Uma das principais características do estado avaliativo é seu entusiasmo para a definição de objetivos, estabelecendo níveis mensuráveis de produção a serem alcançados, em nível nacional, em um prazo determinado, em relação a uma fração selecionada do grupo de "clientes". Neste contexto, significa a importância crucial do indicador de desempenho padronizado como medida dos resultados de serviços para a tarefa de determinar os objetivos nacionais (Tradução livre).

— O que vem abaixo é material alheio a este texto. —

(* Let $G$ be a finite connected chordal graph. Then its center $C(G)$ is a diameter certificate of $G$, i.e. for every vertex $u$, $\min_{c\in C(G)}(d(u,c)+e(c))\le\operatorname{diam}(G)$.
   Context: A graph is chordal if every induced cycle of length at least 4 has a chord. $d$ shortest-path distance, $e(v)=\max_u d(v,u)$, $\operatorname{rad}(G)=\min_v e(v)$, $\operatorname{diam}(G)=\max_v e(v)$, $C(G)=\{c: e(c)=\operatorname{rad}(G)\}$. *)

From mathcomp Require Import all_boot.
Set Implicit Arguments. Unset Strict Implicit. Unset Printing Implicit Defensive.

Section Graph.
Variables (T : finType) (e : rel T).

Definition walkb (n : nat) (u v : T) : bool :=
  [exists p : n.-tuple T, path e u p && (last u p == v)].

(* In a connected graph such an n < #|T| exists; the search range iota 0 #|T|
   is therefore exhaustive (value #|T| only for unreachable pairs). *)
Definition dist (u v : T) : nat := find (fun n => walkb n u v) (iota 0 #|T|).

Definition ecc (v : T) : nat := \max_(u : T) dist v u.
Definition diam : nat := \max_(v : T) ecc v.
Definition rad : nat := \big[minn/diam]_(v : T) ecc v.
Definition center : {set T} := [set c | ecc c == rad].

Definition simple_graph : Prop := symmetric e /\ irreflexive e.
Definition connected_graph : Prop := forall u v : T, connect e u v.

(* chordal: every cycle x :: s (vertices distinct) of length >= 4 has a chord,
   i.e. an edge between two vertices that are not consecutive on the cycle *)
Definition chordal : Prop :=
  forall (x : T) (s : seq T),
    uniq (x :: s) -> 4 <= size (x :: s) -> cycle e (x :: s) ->
    exists i j : nat,
      [/\ i < j, j < size (x :: s), i.+1 < j,
          ~~ ((i == 0) && (j == (size (x :: s)).-1)) &
          e (nth x (x :: s) i) (nth x (x :: s) j)].
End Graph.

(* Let c0 be a central vertex nearest to u, j = d(u, c0), and suppose
   j + rad > diam.  Let S be the component of c0 among the vertices at distance
   at least j from u, and K the set of vertices at distance j - 1 adjacent to S.
   Chordality makes K a clique: two non-adjacent vertices of K would be joined by
   a chordless cycle through S and through the ball of radius j - 1 around u.
   Every path leaving S meets K, and the vertices of K are closer to u than c0,
   hence not central.  It follows that every y in S is within rad of some vertex
   of K; choosing y1 in S with the fewest such vertices produces a1, a2 in K and
   y1, y2 with d(a1,y1) <= rad < d(a2,y1) and d(a2,y2) <= rad < d(a1,y2).
   Applying the separation argument once more, around y2, gives
   d(y1,y2) >= 2 rad, whereas diam < j + rad <= 2 rad. *)

From mathcomp Require Import all_boot zify.
Set Implicit Arguments. Unset Strict Implicit. Unset Printing Implicit Defensive.

Section Distance.
Variables (T : finType) (e : rel T).

Lemma walkP n u v :
  reflect (exists p, [/\ size p = n, path e u p & last u p = v]) (walkb e n u v).
Proof.
apply: (iffP existsP) => [[t /andP [Hp /eqP Hl]]|[p [Hs Hp Hl]]].
  by exists (tval t); rewrite size_tuple.
have Hs' : size p == n by rewrite Hs.
by exists (Tuple Hs'); rewrite /= Hp Hl eqxx.
Qed.

Lemma dist_le_walk n u v : walkb e n u v -> dist e u v <= n.
Proof.
move=> Hw; rewrite /dist; case: (ltnP n #|T|) => Hn.
  rewrite leqNgt; apply/negP => /(before_find 0).
  by rewrite nth_iota // add0n Hw.
by apply: leq_trans (find_size _ _) _; rewrite size_iota.
Qed.

Lemma distxx u : dist e u u = 0.
Proof. by apply/eqP; rewrite -leqn0; apply: dist_le_walk; apply/walkP; exists [::]. Qed.

Lemma dist_edge_le1 u v : e u v -> dist e u v <= 1.
Proof. by move=> Huv; apply: dist_le_walk; apply/walkP; exists [:: v]; rewrite /= Huv. Qed.

Hypothesis conn : connected_graph e.

Lemma walk_lt_card u v : exists2 n, n < #|T| & walkb e n u v.
Proof.
have /connectP [p Hp ->] := conn u v.
case: (shortenP Hp) => p' Hp' Hu _.
exists (size p'); last by apply/walkP; exists p'.
by have := max_card (mem (u :: p')); rewrite (card_uniqP Hu).
Qed.
Lemma chi_le (T : finType) (E : rel T) (Eirr : irreflexive E) k :
  colourable_in E [set: T] k -> chi Eirr <= k.
Proof.
move=> [c [c_lt c_ok]].
have col : colorable E k.
  apply/existsP; exists [ffun x => Ordinal (c_lt x (in_setT x))].
  apply/forallP => x; apply/forallP => y; apply/implyP => xy; rewrite !ffunE.
  exact: c_ok.
by rewrite /chi; case: ex_minnP => m _; apply.
Qed.

Theorem corollary3p7 (T : finType) (E : rel T)
  (Esym : symmetric E) (Eirr : irreflexive E) :
  H_free fork E -> H_free dart E ->
  chi Eirr <= omega E ^ 2.
Proof.
move=> hfork hdart; apply: chi_le.
have -> : omega E = clique_num E [set: T] by apply: eq_bigl => W; rewrite subsetT.
exact: colourable_clique_sq.
Qed.
Lemma Lagr_updF S F j E t : (j < pN p)%N ->
  (P j)^T = P j -> (state_cov S j)^T = state_cov S j ->
  Lagr p lam P S (upd F j (F j + t *: E)) = Lagr p lam P S F
    + t * (2 * \tr (state_cov S j *m rsubmx ((IF (F j))^T *m P j) *m E))
    + t ^+ 2 * \tr (col_mx 0 E *m state_cov S j *m (col_mx 0 E)^T *m P j).
Proof.
move=> j_lt P_sym cov_sym; rewrite !LagrE.
rewrite (sum_nat_upd (f := fun k => \tr (residual S F k *m P k)) (j := j)) //; last first.
  by move=> k k_neq; rewrite /residual /upd (negbTE k_neq).
by rewrite /residual /upd eqxx !mulmxBl !mxtraceD !mxtraceN mxtrace_IF_add //; ring.
Qed.

Lemma stationary_S_iff S F j : (j < pN p)%N ->
  Defs.symmetric (Popt lam j (costtogo F j) - P j) ->
  (forall D, Defs.symmetric D -> is_derive (0 : R) (1 : R)
     (fun t : R => Lagr p lam P (upd S j (S j + t *: D)) F) 0)
  <-> P j = Popt lam j (costtogo F j).
Proof.
move=> j_lt G_sym; set G := _ - P j in G_sym *.
have stat_iff D : is_derive (0 : R) (1 : R)
    (fun t : R => Lagr p lam P (upd S j (S j + t *: D)) F) 0 <-> \tr (G *m D) = 0.
  by apply: (is_derive0_quadratic (c := 0)) => t; rewrite Lagr_updS // mulr0 addr0.
split=> [/(_ G G_sym)/stat_iff | PjE D _]; last first.
  by apply/stat_iff; rewrite /G PjE subrr mul0mx mxtrace0.
rewrite -{2}[G]G_sym => /mxtrace_mul_tr_eq0/eqP.
by rewrite subr_eq0 => /eqP.
Qed.

Lemma stationary_F_iff S F j : (j < pN p)%N -> (P j)^T = P j -> pd (state_cov S j) ->
  (forall E, is_derive (0 : R) (1 : R)
     (fun t : R => Lagr p lam P S (upd F j (F j + t *: E))) 0)
  <-> rsubmx ((IF (F j))^T *m P j) = 0.
Proof.
move=> j_lt P_sym cov_pd; set M := state_cov S j; set Y := rsubmx _.
have stat_iff E : is_derive (0 : R) (1 : R)
    (fun t : R => Lagr p lam P S (upd F j (F j + t *: E))) 0
    <-> 2 * \tr (M *m Y *m E) = 0.
  by apply: is_derive0_quadratic => t; rewrite Lagr_updF // cov_pd.1.
split=> [/(_ (M *m Y)^T)/stat_iff | Y0 E]; last first.
  by apply/stat_iff; rewrite Y0 mulmx0 mul0mx mxtrace0 mulr0.
move/eqP; rewrite mulf_eq0 pnatr_eq0 /= => /eqP/mxtrace_mul_tr_eq0 MY0.
by rewrite -[Y](mulKmx (pd_unitmx cov_pd)) MY0 mulmx0.
Qed.

End Lagrangian.

Hypotheses (Qf_psd : psd (pQf p)) (Qft_psd : psd (pQft p))
  (Q_psd : forall k, psd (pQ p k)) (Qt_psd : forall k, psd (pQt p k))
  (Rlam_pd : forall k (lam : R), 0 <= lam -> pd (pR p k + lam *: pRt p k))
  (V_pd : pd (pV p)) (W_pd : pd (pW p)).

Lemma state_cov_pd S j : (forall i, (i < j)%N -> psd (S i)) -> pd (state_cov S j).
Proof.
case: j => [_ | i S_psd] /=; first exact/pdD_psd/psd_mul_tr.
by rewrite addrC; apply: pdD_psd => //; apply/psd_conjT/S_psd.
Qed.

Lemma traj_psd F k : psd (traj p F k).
Proof.
elim/ltn_ind: k => k IH; rewrite traj_state_cov.
exact/psd_conjT/pd_psd/state_cov_pd.
Qed.

Lemma KKT_state_cov_pd lam S F P j :
  KKT p lam S F P -> (j < pN p)%N -> pd (state_cov S j).
Proof.
move=> [_ [S0 [SS _]]] j_lt; apply: state_cov_pd => i i_lt.
by rewrite (feasible_traj S0 SS); [exact: traj_psd | exact: ltn_trans i_lt j_lt].
Qed.

Section Multipliers.
Variable lam : R.
Hypothesis lam_ge0 : 0 <= lam.
Theorem theorem1 (R : realType) (p : nat -> nat) :
  (forall n, (0 < p n)%N) ->
  (exists k C : nat, forall n, (p n <= C * 2 ^ (n ^ k))%N) ->
  forall s : {poly R}, (forall n : nat, 0 < s.[n%:R]) ->
  exists t : {poly R}, forall n q : nat,
    t.[n%:R] * (p n)%:R <= q%:R ->
    forall alpha : 'I_(p n) -> R[i], is_superposition alpha ->
      L1dist q alpha <= (s.[n%:R])^-1.
Proof.
move=> p_gt0 _ s s_gt0; exists (256%:P * (s + 1)) => n q.
rewrite hornerM hornerC hornerD hornerC.
move: (p_gt0 n) (s_gt0 n); set P := p n; set S := s.[n%:R].
move=> P_gt0 S_gt0 q_ge alpha alpha_unit.
have Pr_gt0 : 0 < P%:R :> R by rewrite ltr0n.
have q_gt0 : (0 < q)%N.
  by rewrite -(ltr0n R); apply: lt_le_trans q_ge; rewrite !mulr_gt0 // addr_gt0.
set x : R := 16 * P%:R / q%:R.
have x_gt0 : 0 < x by rewrite !mulr_gt0 ?invr_gt0 ?ltr0n.
have x_small : x * (16 * (S + 1)) <= 1.
  by rewrite /x mulrAC ler_pdivrMr ?ltr0n // mul1r; apply: le_trans q_ge; lra.
have x_le_half : x <= 1 / 2 by nra.
rewrite L1distE //; apply: le_trans (L1_normalize_le (e := 4 * x ^+ 2 + 4 * x) _ _ _ _ _) _.
- exact: Pr_gt0.
- by move=> i; exact: normsq_ge0.
- by move=> i; exact: normsq_ge0.
- by rewrite parseval ?omega_prim_root // alpha_unit mulr1.
- apply: le_trans (sum_dist_normsq_le (c := 2 * x) _ _) _; first by rewrite mulr_gt0.
    exact: sum_normsq_dft_iprime_sub_le.
  rewrite parseval ?omega_prim_root // alpha_unit mulr1 -/x.
  by rewrite [X in X <= _](_ : _ = (4 * x ^+ 2 + 4 * x) * P%:R) //; field; rewrite gt_eqF.
- rewrite -[X in _ <= X]div1r ler_pdivlMr //; nra.
Qed.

Então, logo de início, podemos perceber que esse Estado constitucional moderno tem por tarefa e principal característica a administração dos conflitos que perpassam a sociedade. “Administração”, outras vezes “gerencialismo” dos conflitos: é a própria linguagem que testemunha o fato do Estado se aproximar da empresa (WAIZBORT, 1998, p. 66, grifos do autor).

Através desse entendimento do papel do Estado como regulador da sociedade, podemos conceber a política pública como uma das estratégias do Estado no gerenciamento dos conflitos da sociedade, redistribuindo serviços de forma igualitária ou, pelo menos, tentando. Vale destacar que o Estado desempenha diversas ações na sociedade. Ele é regulador quando recebe pressão da sociedade civil organizada para amenizar algum conflito. Em outros momentos, assume caráter diferente como, por exemplo, o de avaliador, mas ambas as ações fazem parte do mesmo projeto de estado na atualidade.

A partir dessa concepção do Estado de Direito, nos apoiamos no pensamento de Offe (1984), ao compreender o Estado como uma esfera da sociedade que concentra e manifesta as relações sociais de classe, onde os conflitos ocorrem, já que, em seu interior estão presentes interesses referentes à acumulação do capital e às reivindicações dos trabalhadores.

Para mediar esses conflitos, o Estado pode agir através da criação de políticas públicas que são demandadas pela sociedade civil organizada. Contudo, o Estado capitalista não cria políticas públicas apenas como resposta aos anseios da sociedade. O Estado possui um interesse maior, que é manter seu regime político. Aqui podemos observar mais uma intenção da manutenção de determinados setores da sociedade no poder. Para atingir seu fim, lança mão de estratégias políticas que, muitas vezes, são mascaradas, ou seja, faz uma divulgação de algo para tal objetivo, mas, na verdade, possui outros interesses além dos que foi informado. Isso é feito tendo como pano de fundo o discurso da garantia dos direitos sociais; porém, sua ação extrapola o Estado de Direito.

Boneti (2011, p. 17), ao tratar da concepção de Estado entende que

[...] o Estado se constitui de uma instituição não neutra, resultante de uma correlação de forças sociais entre diversos agentes da sociedade civil. Trata-se de uma instituição não neutra, pois é movido por valores ideológicos, éticos e culturais. O Estado é assim uma instituição que organiza e institucionaliza diversos interesses sociais.

A organização dos interesses sociais pode ocorrer pela via da construção das políticas públicas. A política pública nasce, assim, para tentar atender os

interesses de todas as classes da sociedade, ou da maioria da população. O entrave é que, a depender dos interesses políticos na arena de disputa historicamente construídos, algumas classes serão mais atendidas, em detrimento de outras, havendo, assim, correlação constante de forças.

As concepções apresentadas neste item conduzem a compreender que o Estado atua de forma a intermediar os conflitos de classes, criando ações para amenizar as desigualdades sociais através da elaboração de políticas públicas. Entretanto, nem sempre as políticas criadas dão conta de resolver ou, pelo menos, amenizar, de forma satisfatória, os problemas sociais, reproduzindo-as, provocando outras desigualdades ou, até mesmo, agravando as já existentes. Nesse ponto, a avaliação de políticas, que será discutida mais adiante, poderia contribuir para ampliar a percepção crítica, visando à sensibilização social para a geração de novas demandas para o estado, podendo gerar (re)formulação das ações, tornando-as mais eficazes e eficientes.